Look below for the line containing "move=> le_fg; have g_neq0 : g != 0." and the line containing "have [q1 [->"; repeat exactly those two lines and all lines between them, and nothing else.

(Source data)
□ □ □ □ □

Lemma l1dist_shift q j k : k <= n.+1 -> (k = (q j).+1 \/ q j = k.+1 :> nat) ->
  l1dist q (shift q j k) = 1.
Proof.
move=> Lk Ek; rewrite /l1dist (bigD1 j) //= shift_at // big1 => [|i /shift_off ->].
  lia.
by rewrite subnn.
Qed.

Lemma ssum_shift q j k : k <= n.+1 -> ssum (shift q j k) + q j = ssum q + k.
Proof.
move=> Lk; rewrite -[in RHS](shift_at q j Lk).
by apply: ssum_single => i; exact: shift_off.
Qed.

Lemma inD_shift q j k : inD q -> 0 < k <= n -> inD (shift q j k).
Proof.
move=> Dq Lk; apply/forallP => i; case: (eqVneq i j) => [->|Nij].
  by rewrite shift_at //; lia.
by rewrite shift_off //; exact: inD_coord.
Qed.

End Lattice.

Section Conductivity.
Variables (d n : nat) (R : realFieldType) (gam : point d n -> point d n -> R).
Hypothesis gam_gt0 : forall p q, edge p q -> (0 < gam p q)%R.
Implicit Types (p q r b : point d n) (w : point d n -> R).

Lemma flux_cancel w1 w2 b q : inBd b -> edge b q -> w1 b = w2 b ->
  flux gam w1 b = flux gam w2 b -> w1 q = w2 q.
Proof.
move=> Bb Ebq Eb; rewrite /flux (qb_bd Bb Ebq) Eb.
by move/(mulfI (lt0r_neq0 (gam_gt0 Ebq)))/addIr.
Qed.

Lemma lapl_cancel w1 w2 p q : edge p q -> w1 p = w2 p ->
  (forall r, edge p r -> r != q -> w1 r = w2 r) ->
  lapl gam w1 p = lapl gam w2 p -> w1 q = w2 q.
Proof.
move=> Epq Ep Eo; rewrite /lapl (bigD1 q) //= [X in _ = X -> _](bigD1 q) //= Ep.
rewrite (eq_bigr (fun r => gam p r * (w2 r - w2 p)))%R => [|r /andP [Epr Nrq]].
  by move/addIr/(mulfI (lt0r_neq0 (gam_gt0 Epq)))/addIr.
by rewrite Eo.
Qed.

□ □ □ □ □

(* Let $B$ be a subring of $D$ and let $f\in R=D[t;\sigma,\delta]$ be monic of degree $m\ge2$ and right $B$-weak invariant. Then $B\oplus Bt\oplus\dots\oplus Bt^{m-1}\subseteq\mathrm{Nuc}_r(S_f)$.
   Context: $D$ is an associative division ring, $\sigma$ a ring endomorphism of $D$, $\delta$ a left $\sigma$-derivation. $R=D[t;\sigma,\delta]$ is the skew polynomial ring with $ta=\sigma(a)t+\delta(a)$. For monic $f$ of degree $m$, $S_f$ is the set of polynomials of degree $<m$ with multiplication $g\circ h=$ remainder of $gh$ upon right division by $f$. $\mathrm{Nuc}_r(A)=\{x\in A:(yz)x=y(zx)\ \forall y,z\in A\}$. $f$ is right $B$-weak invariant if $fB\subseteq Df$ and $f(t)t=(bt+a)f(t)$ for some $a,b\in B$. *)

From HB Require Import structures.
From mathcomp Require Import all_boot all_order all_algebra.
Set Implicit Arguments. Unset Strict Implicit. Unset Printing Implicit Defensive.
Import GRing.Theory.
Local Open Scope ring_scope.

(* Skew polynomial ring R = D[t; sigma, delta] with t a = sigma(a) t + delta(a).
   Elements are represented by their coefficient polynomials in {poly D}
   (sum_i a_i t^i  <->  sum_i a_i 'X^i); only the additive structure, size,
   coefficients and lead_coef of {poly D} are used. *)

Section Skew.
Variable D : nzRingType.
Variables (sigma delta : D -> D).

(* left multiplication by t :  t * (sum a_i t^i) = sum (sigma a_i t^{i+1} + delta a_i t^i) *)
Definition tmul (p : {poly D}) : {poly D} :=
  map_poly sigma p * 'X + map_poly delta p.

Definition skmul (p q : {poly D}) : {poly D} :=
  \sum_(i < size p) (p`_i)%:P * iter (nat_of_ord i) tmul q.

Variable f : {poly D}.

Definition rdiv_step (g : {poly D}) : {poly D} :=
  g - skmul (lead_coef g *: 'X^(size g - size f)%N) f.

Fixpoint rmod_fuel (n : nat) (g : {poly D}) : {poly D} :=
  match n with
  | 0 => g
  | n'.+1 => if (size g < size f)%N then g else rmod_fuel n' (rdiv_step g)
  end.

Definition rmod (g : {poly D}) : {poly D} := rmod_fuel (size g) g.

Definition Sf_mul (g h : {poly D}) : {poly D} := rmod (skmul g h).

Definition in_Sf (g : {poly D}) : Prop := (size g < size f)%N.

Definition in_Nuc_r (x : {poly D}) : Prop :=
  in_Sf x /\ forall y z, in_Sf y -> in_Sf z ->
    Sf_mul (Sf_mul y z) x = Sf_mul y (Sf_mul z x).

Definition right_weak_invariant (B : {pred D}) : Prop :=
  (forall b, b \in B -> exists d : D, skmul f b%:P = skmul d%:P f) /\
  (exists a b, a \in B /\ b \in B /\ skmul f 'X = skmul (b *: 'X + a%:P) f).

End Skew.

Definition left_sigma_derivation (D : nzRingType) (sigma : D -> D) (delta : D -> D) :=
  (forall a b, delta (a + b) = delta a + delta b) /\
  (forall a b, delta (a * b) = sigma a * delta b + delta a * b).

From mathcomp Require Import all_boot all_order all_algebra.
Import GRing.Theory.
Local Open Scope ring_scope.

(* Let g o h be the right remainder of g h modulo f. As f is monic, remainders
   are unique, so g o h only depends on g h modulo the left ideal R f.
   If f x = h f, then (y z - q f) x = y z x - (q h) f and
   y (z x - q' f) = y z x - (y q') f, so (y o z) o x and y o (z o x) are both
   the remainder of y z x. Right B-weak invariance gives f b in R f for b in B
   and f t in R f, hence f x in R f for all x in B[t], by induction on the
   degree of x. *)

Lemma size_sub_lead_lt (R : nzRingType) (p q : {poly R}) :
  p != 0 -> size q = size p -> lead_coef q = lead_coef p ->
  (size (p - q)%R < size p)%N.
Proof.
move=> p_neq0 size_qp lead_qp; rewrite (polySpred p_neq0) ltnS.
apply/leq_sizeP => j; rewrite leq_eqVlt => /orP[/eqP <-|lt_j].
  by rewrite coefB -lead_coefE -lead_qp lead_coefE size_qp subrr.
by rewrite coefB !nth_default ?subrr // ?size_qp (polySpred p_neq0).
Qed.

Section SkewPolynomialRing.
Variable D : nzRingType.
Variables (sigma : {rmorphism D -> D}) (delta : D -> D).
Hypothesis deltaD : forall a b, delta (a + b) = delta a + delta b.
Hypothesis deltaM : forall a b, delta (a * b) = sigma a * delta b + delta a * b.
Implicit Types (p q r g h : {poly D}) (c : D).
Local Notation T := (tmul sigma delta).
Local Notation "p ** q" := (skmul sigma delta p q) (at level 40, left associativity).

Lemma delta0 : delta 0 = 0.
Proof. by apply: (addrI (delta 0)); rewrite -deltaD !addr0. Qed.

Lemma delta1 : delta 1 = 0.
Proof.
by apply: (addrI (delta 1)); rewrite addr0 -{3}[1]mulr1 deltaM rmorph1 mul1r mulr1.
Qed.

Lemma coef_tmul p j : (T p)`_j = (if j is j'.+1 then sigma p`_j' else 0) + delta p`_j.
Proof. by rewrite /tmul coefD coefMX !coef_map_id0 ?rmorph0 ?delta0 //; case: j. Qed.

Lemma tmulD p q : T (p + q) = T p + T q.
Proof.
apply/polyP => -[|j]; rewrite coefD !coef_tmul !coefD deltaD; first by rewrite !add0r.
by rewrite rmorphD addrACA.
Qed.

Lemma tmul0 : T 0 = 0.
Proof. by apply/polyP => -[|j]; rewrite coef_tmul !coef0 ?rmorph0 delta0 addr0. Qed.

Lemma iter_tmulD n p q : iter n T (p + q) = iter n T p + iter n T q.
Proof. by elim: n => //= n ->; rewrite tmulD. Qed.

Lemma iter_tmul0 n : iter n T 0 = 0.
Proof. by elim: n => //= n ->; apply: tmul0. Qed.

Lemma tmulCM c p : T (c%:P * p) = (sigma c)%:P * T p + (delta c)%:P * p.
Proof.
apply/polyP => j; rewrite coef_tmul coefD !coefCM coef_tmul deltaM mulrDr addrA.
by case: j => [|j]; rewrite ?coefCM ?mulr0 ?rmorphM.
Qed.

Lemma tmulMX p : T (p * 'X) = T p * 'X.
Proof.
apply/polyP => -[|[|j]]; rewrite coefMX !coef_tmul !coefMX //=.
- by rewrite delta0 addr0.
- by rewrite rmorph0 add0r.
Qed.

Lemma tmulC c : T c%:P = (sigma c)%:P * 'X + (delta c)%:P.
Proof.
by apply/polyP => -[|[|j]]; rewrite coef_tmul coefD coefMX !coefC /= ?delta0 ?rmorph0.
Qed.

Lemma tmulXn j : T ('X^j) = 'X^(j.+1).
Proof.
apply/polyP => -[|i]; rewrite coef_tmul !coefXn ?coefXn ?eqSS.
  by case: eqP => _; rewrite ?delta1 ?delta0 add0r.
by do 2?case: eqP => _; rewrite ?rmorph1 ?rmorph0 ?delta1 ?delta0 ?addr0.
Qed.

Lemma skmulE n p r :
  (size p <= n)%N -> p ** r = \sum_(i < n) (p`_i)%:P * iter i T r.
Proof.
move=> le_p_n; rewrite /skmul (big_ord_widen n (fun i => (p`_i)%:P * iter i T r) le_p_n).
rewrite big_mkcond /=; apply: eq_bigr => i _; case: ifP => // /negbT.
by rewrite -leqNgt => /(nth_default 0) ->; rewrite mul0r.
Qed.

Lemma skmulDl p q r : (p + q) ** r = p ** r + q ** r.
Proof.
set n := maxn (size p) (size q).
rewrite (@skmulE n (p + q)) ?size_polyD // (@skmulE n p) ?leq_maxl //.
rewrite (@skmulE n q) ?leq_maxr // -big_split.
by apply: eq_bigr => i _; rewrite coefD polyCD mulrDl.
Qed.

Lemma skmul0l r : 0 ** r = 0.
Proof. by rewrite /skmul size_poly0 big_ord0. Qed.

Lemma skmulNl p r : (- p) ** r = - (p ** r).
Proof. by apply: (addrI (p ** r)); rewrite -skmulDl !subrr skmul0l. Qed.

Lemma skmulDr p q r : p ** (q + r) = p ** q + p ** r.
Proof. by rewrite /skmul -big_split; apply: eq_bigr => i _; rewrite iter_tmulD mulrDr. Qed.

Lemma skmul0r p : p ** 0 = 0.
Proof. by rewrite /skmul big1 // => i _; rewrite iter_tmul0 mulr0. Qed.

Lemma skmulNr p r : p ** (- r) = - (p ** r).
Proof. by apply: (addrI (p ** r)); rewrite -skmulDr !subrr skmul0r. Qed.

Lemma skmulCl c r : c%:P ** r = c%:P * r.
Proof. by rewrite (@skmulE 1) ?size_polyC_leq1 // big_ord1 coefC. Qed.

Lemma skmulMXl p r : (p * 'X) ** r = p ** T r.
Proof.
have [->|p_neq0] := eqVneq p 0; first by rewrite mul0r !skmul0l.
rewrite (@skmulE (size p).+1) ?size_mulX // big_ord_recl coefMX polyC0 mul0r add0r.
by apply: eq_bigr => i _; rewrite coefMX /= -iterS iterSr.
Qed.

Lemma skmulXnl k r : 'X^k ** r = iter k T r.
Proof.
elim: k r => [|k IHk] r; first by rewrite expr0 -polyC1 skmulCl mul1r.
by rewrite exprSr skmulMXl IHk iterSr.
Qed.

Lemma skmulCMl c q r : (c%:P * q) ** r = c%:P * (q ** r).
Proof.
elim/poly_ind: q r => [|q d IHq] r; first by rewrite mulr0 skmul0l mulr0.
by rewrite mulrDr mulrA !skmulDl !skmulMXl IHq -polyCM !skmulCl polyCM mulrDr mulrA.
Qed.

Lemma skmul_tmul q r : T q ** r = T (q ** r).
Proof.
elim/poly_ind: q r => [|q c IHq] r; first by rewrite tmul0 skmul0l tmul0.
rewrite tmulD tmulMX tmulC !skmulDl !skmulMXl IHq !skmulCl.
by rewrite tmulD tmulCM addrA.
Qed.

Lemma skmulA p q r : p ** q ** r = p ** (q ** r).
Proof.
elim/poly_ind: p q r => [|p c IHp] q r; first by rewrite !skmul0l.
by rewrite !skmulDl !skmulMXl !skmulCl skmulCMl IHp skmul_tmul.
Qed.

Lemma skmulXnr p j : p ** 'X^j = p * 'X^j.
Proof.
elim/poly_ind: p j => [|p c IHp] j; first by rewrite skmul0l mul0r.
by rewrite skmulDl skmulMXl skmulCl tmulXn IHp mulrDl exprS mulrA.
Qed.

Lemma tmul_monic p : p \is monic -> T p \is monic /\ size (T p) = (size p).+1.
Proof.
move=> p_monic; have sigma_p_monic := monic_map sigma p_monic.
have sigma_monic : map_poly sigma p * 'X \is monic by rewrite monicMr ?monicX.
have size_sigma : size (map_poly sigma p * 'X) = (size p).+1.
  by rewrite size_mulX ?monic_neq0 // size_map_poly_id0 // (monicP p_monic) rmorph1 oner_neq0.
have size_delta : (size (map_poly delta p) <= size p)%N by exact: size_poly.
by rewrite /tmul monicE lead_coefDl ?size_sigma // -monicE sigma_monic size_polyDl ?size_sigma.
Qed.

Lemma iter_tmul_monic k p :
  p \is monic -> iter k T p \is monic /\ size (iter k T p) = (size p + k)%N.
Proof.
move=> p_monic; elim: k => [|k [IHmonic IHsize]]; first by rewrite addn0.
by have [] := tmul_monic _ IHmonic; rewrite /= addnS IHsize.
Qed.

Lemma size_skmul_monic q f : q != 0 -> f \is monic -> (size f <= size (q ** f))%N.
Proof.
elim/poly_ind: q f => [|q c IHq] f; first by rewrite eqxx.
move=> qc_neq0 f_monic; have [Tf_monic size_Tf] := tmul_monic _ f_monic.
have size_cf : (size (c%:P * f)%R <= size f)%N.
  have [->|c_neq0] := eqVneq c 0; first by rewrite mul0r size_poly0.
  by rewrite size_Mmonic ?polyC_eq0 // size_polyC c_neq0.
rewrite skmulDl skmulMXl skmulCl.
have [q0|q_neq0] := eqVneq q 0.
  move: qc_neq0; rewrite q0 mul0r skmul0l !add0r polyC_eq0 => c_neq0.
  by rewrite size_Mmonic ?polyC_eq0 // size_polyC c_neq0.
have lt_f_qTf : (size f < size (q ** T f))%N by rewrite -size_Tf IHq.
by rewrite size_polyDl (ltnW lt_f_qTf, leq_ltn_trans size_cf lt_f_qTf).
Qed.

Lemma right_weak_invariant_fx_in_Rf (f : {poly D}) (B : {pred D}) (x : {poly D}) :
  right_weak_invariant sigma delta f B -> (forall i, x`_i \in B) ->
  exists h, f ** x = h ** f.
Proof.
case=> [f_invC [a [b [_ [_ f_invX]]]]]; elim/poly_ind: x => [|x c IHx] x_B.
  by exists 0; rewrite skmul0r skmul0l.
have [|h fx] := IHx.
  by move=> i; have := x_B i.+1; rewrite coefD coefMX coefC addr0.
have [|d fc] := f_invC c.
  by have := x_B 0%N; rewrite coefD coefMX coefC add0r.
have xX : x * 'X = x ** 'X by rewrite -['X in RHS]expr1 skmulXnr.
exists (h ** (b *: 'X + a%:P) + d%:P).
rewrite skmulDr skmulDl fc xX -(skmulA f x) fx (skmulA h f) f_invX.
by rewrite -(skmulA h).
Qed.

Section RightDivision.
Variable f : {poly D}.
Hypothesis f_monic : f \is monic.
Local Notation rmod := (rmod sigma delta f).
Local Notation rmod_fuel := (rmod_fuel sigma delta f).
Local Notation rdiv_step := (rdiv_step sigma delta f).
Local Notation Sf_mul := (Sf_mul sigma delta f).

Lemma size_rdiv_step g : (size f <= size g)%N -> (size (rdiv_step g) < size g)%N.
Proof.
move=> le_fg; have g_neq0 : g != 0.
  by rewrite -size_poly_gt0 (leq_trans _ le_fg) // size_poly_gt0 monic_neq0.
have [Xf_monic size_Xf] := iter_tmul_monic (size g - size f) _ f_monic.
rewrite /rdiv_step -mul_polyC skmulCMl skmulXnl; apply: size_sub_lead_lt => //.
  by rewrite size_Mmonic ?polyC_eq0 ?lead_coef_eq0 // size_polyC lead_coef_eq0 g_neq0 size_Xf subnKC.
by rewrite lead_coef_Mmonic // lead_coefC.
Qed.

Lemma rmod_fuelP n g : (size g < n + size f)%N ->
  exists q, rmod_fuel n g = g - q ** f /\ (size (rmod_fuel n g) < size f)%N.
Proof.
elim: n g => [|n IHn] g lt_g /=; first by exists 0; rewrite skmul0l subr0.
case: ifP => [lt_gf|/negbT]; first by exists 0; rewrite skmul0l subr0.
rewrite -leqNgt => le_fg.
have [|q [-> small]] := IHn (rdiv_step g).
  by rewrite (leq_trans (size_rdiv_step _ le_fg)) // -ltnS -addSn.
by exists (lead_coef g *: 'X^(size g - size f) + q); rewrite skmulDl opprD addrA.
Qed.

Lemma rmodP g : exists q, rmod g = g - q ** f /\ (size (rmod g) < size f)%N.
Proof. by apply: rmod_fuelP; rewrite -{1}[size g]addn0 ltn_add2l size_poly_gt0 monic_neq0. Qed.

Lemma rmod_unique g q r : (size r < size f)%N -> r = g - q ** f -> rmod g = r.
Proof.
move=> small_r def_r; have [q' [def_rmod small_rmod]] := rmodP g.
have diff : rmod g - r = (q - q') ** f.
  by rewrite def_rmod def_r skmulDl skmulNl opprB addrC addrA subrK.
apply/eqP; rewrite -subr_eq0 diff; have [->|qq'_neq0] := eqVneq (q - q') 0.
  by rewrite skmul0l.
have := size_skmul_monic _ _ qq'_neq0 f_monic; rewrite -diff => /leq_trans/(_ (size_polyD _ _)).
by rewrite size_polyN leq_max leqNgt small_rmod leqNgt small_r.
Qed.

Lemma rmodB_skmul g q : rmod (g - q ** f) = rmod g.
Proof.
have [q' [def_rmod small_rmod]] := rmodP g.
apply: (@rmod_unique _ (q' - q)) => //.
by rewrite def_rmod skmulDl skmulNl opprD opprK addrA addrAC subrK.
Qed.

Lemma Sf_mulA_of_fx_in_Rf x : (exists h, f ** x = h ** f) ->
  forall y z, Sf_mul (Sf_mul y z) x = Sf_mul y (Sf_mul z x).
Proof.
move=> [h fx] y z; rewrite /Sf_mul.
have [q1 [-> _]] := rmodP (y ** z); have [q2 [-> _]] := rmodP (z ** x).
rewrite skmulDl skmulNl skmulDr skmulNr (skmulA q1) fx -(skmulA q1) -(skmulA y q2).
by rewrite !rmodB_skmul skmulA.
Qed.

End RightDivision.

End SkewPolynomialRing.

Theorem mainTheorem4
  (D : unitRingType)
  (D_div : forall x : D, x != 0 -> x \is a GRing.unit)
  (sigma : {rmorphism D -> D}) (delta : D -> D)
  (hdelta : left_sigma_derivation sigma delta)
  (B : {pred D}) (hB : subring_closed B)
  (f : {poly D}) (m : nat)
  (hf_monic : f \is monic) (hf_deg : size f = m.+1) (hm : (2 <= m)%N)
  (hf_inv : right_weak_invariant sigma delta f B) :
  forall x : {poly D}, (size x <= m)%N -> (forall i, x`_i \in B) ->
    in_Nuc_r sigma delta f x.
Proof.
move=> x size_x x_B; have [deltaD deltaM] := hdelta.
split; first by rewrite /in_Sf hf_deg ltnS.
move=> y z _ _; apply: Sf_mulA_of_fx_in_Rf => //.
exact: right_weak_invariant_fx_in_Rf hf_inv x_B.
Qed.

□ □ □ □ □

• Answer section:
move=> le_fg; have g_neq0 : g != 0.
  by rewrite -size_poly_gt0 (leq_trans _ le_fg) // size_poly_gt0 monic_neq0.
have [Xf_monic size_Xf] := iter_tmul_monic (size g - size f) _ f_monic.
rewrite /rdiv_step -mul_polyC skmulCMl skmulXnl; apply: size_sub_lead_lt => //.
  by rewrite size_Mmonic ?polyC_eq0 ?lead_coef_eq0 // size_polyC lead_coef_eq0 g_neq0 size_Xf subnKC.
by rewrite lead_coef_Mmonic // lead_coefC.
Qed.

Lemma rmod_fuelP n g : (size g < n + size f)%N ->
  exists q, rmod_fuel n g = g - q ** f /\ (size (rmod_fuel n g) < size f)%N.
Proof.
elim: n g => [|n IHn] g lt_g /=; first by exists 0; rewrite skmul0l subr0.
case: ifP => [lt_gf|/negbT]; first by exists 0; rewrite skmul0l subr0.
rewrite -leqNgt => le_fg.
have [|q [-> small]] := IHn (rdiv_step g).
  by rewrite (leq_trans (size_rdiv_step _ le_fg)) // -ltnS -addSn.
by exists (lead_coef g *: 'X^(size g - size f) + q); rewrite skmulDl opprD addrA.
Qed.

Lemma rmodP g : exists q, rmod g = g - q ** f /\ (size (rmod g) < size f)%N.
Proof. by apply: rmod_fuelP; rewrite -{1}[size g]addn0 ltn_add2l size_poly_gt0 monic_neq0. Qed.

Lemma rmod_unique g q r : (size r < size f)%N -> r = g - q ** f -> rmod g = r.
Proof.
move=> small_r def_r; have [q' [def_rmod small_rmod]] := rmodP g.
have diff : rmod g - r = (q - q') ** f.
  by rewrite def_rmod def_r skmulDl skmulNl opprB addrC addrA subrK.
apply/eqP; rewrite -subr_eq0 diff; have [->|qq'_neq0] := eqVneq (q - q') 0.
  by rewrite skmul0l.
have := size_skmul_monic _ _ qq'_neq0 f_monic; rewrite -diff => /leq_trans/(_ (size_polyD _ _)).
by rewrite size_polyN leq_max leqNgt small_rmod leqNgt small_r.
Qed.

Lemma rmodB_skmul g q : rmod (g - q ** f) = rmod g.
Proof.
have [q' [def_rmod small_rmod]] := rmodP g.
apply: (@rmod_unique _ (q' - q)) => //.
by rewrite def_rmod skmulDl skmulNl opprD opprK addrA addrAC subrK.
Qed.

Lemma Sf_mulA_of_fx_in_Rf x : (exists h, f ** x = h ** f) ->
  forall y z, Sf_mul (Sf_mul y z) x = Sf_mul y (Sf_mul z x).
Proof.
move=> [h fx] y z; rewrite /Sf_mul.
have [q1 [-> _]] := rmodP (y ** z); have [q2 [-> _]] := rmodP (z ** x).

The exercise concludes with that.